Induced Emf in an Inductor in an LRC circuit

[asb5468]

Homework Statement

In the circuit shown in the figure, the switch S is closed at time t=0 with no initial charge on the capacitor. What is the induced emf if the inductor at time t=0?

Homework Equations

ε=-LdI/dt

The Attempt at a Solution

Initially the inductor acts like a broken wire in that no current can go through it so the potential difference across the 100 Ω resistor is 0. The capacitor initially has 0 resistance, so all the current will flow through there and the voltage across the 50Ω resistor in parallel with the capacitor (V4) will also be zero. So a time t=0 it acts like a simple circuit with resistance 50 Ω and εbattery 40 V. I am unsure if there would also be a potential difference across the inductor due to an induced emf. I don't really know how to find the current as a function of time for this combination circuit so I'm not sure if dI/dt would then be zero, making the induced emf zero. Any help is appreciated!

 

[paisiello2]

dI/dt does not equal zero in the inductor. Although at time t=0 there is no current in the inducter, at some future time there will be a current in the inductor.

 

[SammyS]

dI/dt does not equal zero in the inductor. Although at time t=0 there is no current in the inducter, at some future time it won't be.
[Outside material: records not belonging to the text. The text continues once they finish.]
Section GroupBalls.
Variable G : Group.
Variable gens : list G.

Lemma word_eval_app w s : word_eval G (w ++ [s]) = gmul G (word_eval G w) s.
Proof.
  induction w as [|a w IH]; simpl.
  - rewrite gmul1r, gmul1l; auto.
  - rewrite IH, gmulA; auto.
Qed.

Lemma in_ball_mul n g s : In s gens -> in_ball G gens n g -> in_ball G gens (S n) (gmul G g s).
Proof.
  intros Hs [w [Hw [Hl He]]]. exists (w ++ [s]). split; [|split].
  - intros x Hx. apply in_app_or in Hx. destruct Hx as [?|[<-|[]]]; auto.
  - rewrite length_app; simpl; lia.
  - rewrite word_eval_app, He; auto.
Qed.

Lemma in_ball_one n : in_ball G gens n (gone G).
Proof. exists []. split; [intros ? []|split; [simpl; lia|reflexivity]]. Qed.

Lemma gmul_inj_r s : Injective (fun g => gmul G g s).
Proof.
  intros g h E. apply (f_equal (fun x => gmul G x (ginv G s))) in E.
  rewrite <- !gmulA, gmulVr, !gmul1r in E; auto.
Qed.

Lemma subexp_balls : subexp_growth G gens -> exists B : nat -> list G,
  (forall n, NoDup (B n)) /\ (forall n g, In g (B n) <-> in_ball G gens n g) /\
  forall eps, 0 < eps -> ex_series (fun n => exp (- (eps * INR n)) * INR (length (B n))).
Proof.
  intros [c [Hc Hu]].
  set (B := fun n => proj1_sig (constructive_indefinite_description _ (Hc n))).
  assert (HB : forall n, NoDup (B n) /\ (forall g, In g (B n) <-> in_ball G gens n g) /\
                         length (B n) = c n).
  { intros n. unfold B. destruct constructive_indefinite_description; auto. }
  exists B. split; [apply HB|split; [apply HB|]].
  intros eps Heps. apply (ex_series_ext (fun n => exp (- (eps * INR n)) * INR (c n))).
  - intros n. destruct (HB n) as [_ [_ ->]]. auto.
  - apply subexp_summable; auto. intros n. destruct (HB n) as [_ [Hin <-]].
    assert (Hone : In (gone G) (B n)) by (apply Hin, in_ball_one).
    destruct (B n); simpl in *; [contradiction|lia].
Qed.

End GroupBalls.

Theorem action_conjugate_lipschitz (M : cc1) (G : Group) (act : G -> pt M -> pt M) (gens : list G) :
  is_homeo_action G M act -> subexp_growth G gens -> forall eps, 0 < eps ->
  exists h hi, homeo_pair M h hi /\
    forall s, In s gens -> lipschitz M (exp eps) (fun x => h (act s (hi x))).
Proof.
  intros [Ha1 [Ha2 Ha3]] Hgrowth eps Heps.
  destruct (subexp_balls G gens Hgrowth) as [B [Bnd [HB Bsum]]].
  assert (Hci : forall g, cont_inj M (act g)) by (intros; apply is_homeo_cont_inj, Ha3).
  destruct (summable_balls_conjugacy M G act B (gone G) eps Hci Bnd)
    as [h [hi [Z [Hp [_ [_ Hlip]]]]]]; [apply HB, in_ball_one | auto | lra | auto |].
  exists h, hi. split; auto. intros s Hs.
  apply (Hlip (act s) (fun g => gmul G g s)); auto.
  split; [|apply gmul_inj_r].
  intros n g Hg. apply HB, in_ball_mul, HB; auto.
Qed.

Lemma iter_cont_inj M (f : pt M -> pt M) k : cont_inj M f -> cont_inj M (Nat.iter k f).
Proof.
  intros Hf. induction k; simpl.
  - split; [apply mcontinuous_id|intros x y; auto].
  - apply (cont_inj_comp M f (Nat.iter k f)); auto.
Qed.

Lemma iter_succ_r {A} (f : A -> A) k x : Nat.iter k f (f x) = Nat.iter (S k) f x.
Proof. induction k; simpl; auto. rewrite IHk; auto. Qed.

Lemma circle_homeo_conjugacy (f : PC -> PC) eps : is_homeo Circle f -> 0 < eps ->
  exists H Hi Z, homeo_pair Circle H Hi /\ 0 < Z /\ lipschitz Circle Z Hi /\
    lipschitz Circle (exp eps) (fun x => H (f (Hi x))).
Proof.
  intros Hf He. assert (Hfc := is_homeo_cont_inj Circle f Hf).
  destruct (summable_balls_conjugacy Circle nat (fun k => Nat.iter k f) (fun n => seq 0 (S n)) 0%nat
              eps (fun k => iter_cont_inj Circle f k Hfc) (fun n => seq_NoDup _ _))
    as [H [Hi [Z [Hp [HZ [HZlip Hlip]]]]]]; [simpl; auto|reflexivity|lra| |].
  - apply (ex_series_ext (fun n => exp (- (eps * INR n)) * INR (S n))); [|apply linear_summable; auto].
    intros n. rewrite length_seq. auto.
  - exists H, Hi, Z. split; [exact Hp|split; [exact HZ|split; [exact HZlip|]]].
    apply (Hlip f S Hfc); [split|].
    + intros n i Hi'. apply in_seq in Hi'. apply in_seq. lia.
    + intros i j E. injection E; auto.
    + intros i x. apply eq_sym, iter_succ_r.
Qed.

Lemma is_homeo_conj M (f h hi : pt M -> pt M) :
  homeo_pair M h hi -> is_homeo M f -> is_homeo M (fun x => h (f (hi x))).
Proof.
  intros [P1 [P2 [P3 P4]]] [fi [F1 [F2 [F3 F4]]]].
  exists (fun x => h (fi (hi x))). repeat split.
  - intros x. rewrite P1, F1, P2; auto.
  - intros x. rewrite P1, F2, P2; auto.
  - apply mcontinuous_comp; [|apply mcontinuous_comp]; auto.
  - apply mcontinuous_comp; [|apply mcontinuous_comp]; auto.
Qed.

Theorem circle_homeo_conjugate_lipschitz (f : PC -> PC) : is_homeo Circle f ->
  forall eps, 0 < eps -> exists h hi, homeo_pair Circle h hi /\
    is_homeo Circle (fun x => h (f (hi x))) /\ lipschitz Circle (exp eps) (fun x => h (f (hi x))).
Proof.
  intros Hf eps He.
  destruct (circle_homeo_conjugacy f eps Hf He) as [h [hi [Z [Hp [_ [_ Hlip]]]]]].
  exists h, hi. split; [exact Hp|split; [apply is_homeo_conj; auto|exact Hlip]].
Qed.

(** * Topological entropy *)

Lemma lipschitz_iter M L (g : pt M -> pt M) k : 0 <= L -> lipschitz M L g ->
  lipschitz M (L ^ k) (Nat.iter k g).
Proof.
  intros HL Hg. induction k; intros x y; simpl; [lra|].
  eapply Rle_trans; [apply Hg|]. rewrite Rmult_assoc. apply Rmult_le_compat_l; auto.
Qed.

Lemma iter_conj {A} (f h hi : A -> A) k x : (forall y, hi (h y) = y) ->
  Nat.iter k (fun y => h (f (hi y))) (h x) = h (Nat.iter k f x).
Proof. intros Hhi. induction k; simpl; auto. rewrite IHk, Hhi; auto. Qed.

(* Cut [0, 1) into ⌊1/ρ⌋ + 1 intervals of length ρ; a ρ-separated set meets each at most once. *)
Lemma separated_card_le (m : list PC) rho : 0 < rho -> NoDup m ->
  (forall x y, In x m -> In y m -> x <> y -> rho < Defs.dist Circle x y) ->
  INR (length m) <= 1 / rho + 1.
Proof.
  intros Hr Hnd Hsep.
  set (bz := fun x : PC => Int_part (v x / rho)).
  set (K := Int_part (1 / rho)).
  assert (Hdiv : forall t, 0 <= t <= 1 -> 0 <= t / rho <= 1 / rho)
    by (intros t Ht; split; [apply Rdiv_le_0_compat|apply Rmult_le_compat_r;
        [left; apply Rinv_0_lt_compat|]]; lra).
  assert (Hb0 : forall x, (0 <= bz x <= K)%Z).
  { intros x. pose proof (v_range x) as Hx.
    pose proof (base_Int_part (v x / rho)). pose proof (base_Int_part (1 / rho)).
    destruct (Hdiv (v x) ltac:(lra)). unfold bz, K. split.
    - apply Z.lt_pred_le, lt_IZR. rewrite <- Z.sub_1_r, minus_IZR. simpl. lra.
    - apply Z.lt_succ_r, lt_IZR. rewrite succ_IZR. lra. }
  set (b := fun x => Z.to_nat (bz x)).
  assert (Hbinj : forall x y, In x m -> In y m -> b x = b y -> x = y).
  { intros x y Hx Hy E. destruct (classic (x = y)) as [?|Hne]; auto. exfalso.
    specialize (Hsep x y Hx Hy Hne).
    assert (Ez : bz x = bz y) by (apply Z2Nat.inj; apply Hb0 || auto).
    pose proof (base_Int_part (v x / rho)). pose proof (base_Int_part (v y / rho)).
    unfold bz in Ez. rewrite Ez in *.
    assert (Rabs (v x - v y) < rho).
    { replace (v x - v y) with (rho * (v x / rho - v y / rho)) by (field; lra).
      rewrite Rabs_mult, Rabs_pos_eq by lra.
      assert (Rabs (v x / rho - v y / rho) < 1) by (unfold Rabs; destruct Rcase_abs; lra).
      nra. }
    rewrite dist_ccw in Hsep. pose proof (v_range x); pose proof (v_range y).
    unfold Rmin, Rabs in *; repeat destruct Rle_dec; repeat destruct Rcase_abs; ccw_cases. }
  assert (Hl : (length (map b m) <= length (seq 0 (S (Z.to_nat K))))%nat).
  { apply NoDup_incl_length.
    - apply NoDup_map_NoDup_ForallPairs; [intros x y Hx Hy; apply Hbinj | ]; auto.
    - intros z Hz. apply in_map_iff in Hz. destruct Hz as [x [<- Hx]]. apply in_seq.
      unfold b. specialize (Hb0 x). lia. }
  rewrite length_map, length_seq in Hl. apply le_INR in Hl.
  rewrite S_INR, (INR_IZR_INZ (Z.to_nat K)), Z2Nat.id in Hl by (pose proof (Hb0 p0); lia).
  pose proof (base_Int_part (1 / rho)). unfold K in Hl. lra.
Qed.

Lemma conj_iter_expansion M (f h hi : pt M -> pt M) Z L k x y :
  (forall p, hi (h p) = p) -> 0 <= Z -> lipschitz M Z hi -> 0 <= L ->
  lipschitz M L (fun p => h (f (hi p))) ->
  Defs.dist M (Nat.iter k f x) (Nat.iter k f y) <= Z * (L ^ k * Defs.dist M (h x) (h y)).
Proof.
  intros Hhi HZ0 HZ HL Hlip.
  rewrite <- (Hhi (Nat.iter k f x)), <- (Hhi (Nat.iter k f y)), <- !(iter_conj f h hi) by auto.
  eapply Rle_trans; [apply HZ|]. apply Rmult_le_compat_l; auto.
  apply lipschitz_iter; auto.
Qed.

Theorem circle_homeo_entropy_zero (f : PC -> PC) : is_homeo Circle f -> top_entropy_zero Circle f.
Proof.
  intros Hf delta Hd eta Heta.
  destruct (circle_homeo_conjugacy f (eta / 2) Hf ltac:(lra))
    as [h [hi [Z [[Hhi _] [HZ [HZlip Hlip]]]]]].
  set (L := exp (eta / 2)).
  assert (HL : 1 <= L) by (unfold L; rewrite <- exp_0; left; apply exp_increasing; lra).
  destruct (INR_archimed (eta / 2) (Z / delta) ltac:(lra)) as [N HN].
  exists N. intros n Hn l [Hnd Hsep].
  assert (HLn : 1 <= L ^ n) by (rewrite <- (pow1 n); apply pow_incr; lra).
  set (rho := delta / (Z * L ^ n)).
  assert (Hrho : 0 < rho) by (unfold rho; apply Rdiv_lt_0_compat; [lra|nra]).
  assert (Hcount : INR (length l) <= 1 / rho + 1).
  { rewrite <- (length_map h). apply separated_card_le; auto.
    - apply Injective_map_NoDup; auto. intros x y E. rewrite <- (Hhi x), <- (Hhi y), E; auto.
    - intros x' y' Hx Hy Hne. apply in_map_iff in Hx, Hy.
      destruct Hx as [x [<- Hx]]. destruct Hy as [y [<- Hy]].
      destruct (Hsep x y Hx Hy (fun E => Hne (f_equal h E))) as [k [Hk Hkd]].
      pose proof (conj_iter_expansion Circle f h hi Z L k x y Hhi ltac:(lra) HZlip ltac:(lra) Hlip).
      assert (L ^ k <= L ^ n) by (apply Rle_pow; auto; lia).
      assert (Z * (L ^ k * Defs.dist Circle (h x) (h y)) <=
              Z * (L ^ n * Defs.dist Circle (h x) (h y))).
      { apply Rmult_le_compat_l; [lra|]. apply Rmult_le_compat_r; auto.
        apply dist_circle_nonneg. }
      unfold rho. apply Rlt_div_l; [apply Rmult_lt_0_compat; lra|]. lra. }
  set (X := L ^ n).
  assert (HX : X = exp (eta / 2 * INR n)) by (unfold X, L; rewrite exp_mult_INR; auto).
  assert (HX2 : exp (eta * INR n) = X * X) by (rewrite HX, <- exp_plus; f_equal; field).
  assert (HXb : Z / delta + 1 <= X).
  { rewrite HX. apply le_INR in Hn. pose proof (pos_INR N).
    assert (eta / 2 * INR N <= eta / 2 * INR n) by (apply Rmult_le_compat_l; lra).
    pose proof (exp_ge_1_plus (eta / 2 * INR n) ltac:(apply Rmult_le_pos; lra)). lra. }
  assert (E1 : 1 / rho = Z / delta * X) by (unfold rho, X; field; split; lra).
  assert (0 <= Z / delta) by (apply Rdiv_le_0_compat; lra).
  assert (X * (Z / delta + 1) <= X * X) by (apply Rmult_le_compat_l; lra).
  rewrite HX2. lra.
Qed.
To expand on this, what is the rate of change of the voltage across the capacitor immediately after the switch is closed?

 

[rude man]

The rate of change of voltage on, and current thru, the capacitor is irrelevant.
What is the initial voltage across the capacitor? Ergo, across the L-R arm? Ergo, across L?

 

[SammyS]

The rate of change of voltage on, and current thru, the capacitor is irrelevant.
What is the initial voltage across the capacitor? Ergo, across the L-R arm? Ergo, across L?

Yes.

rude man is correct.

I must have had some brain flatulence .

 

[rude man]

Yes.

rude man is correct.

I must have had some brain flatulence .

That's funny, Sammy!
Anyway, welcome to the club ...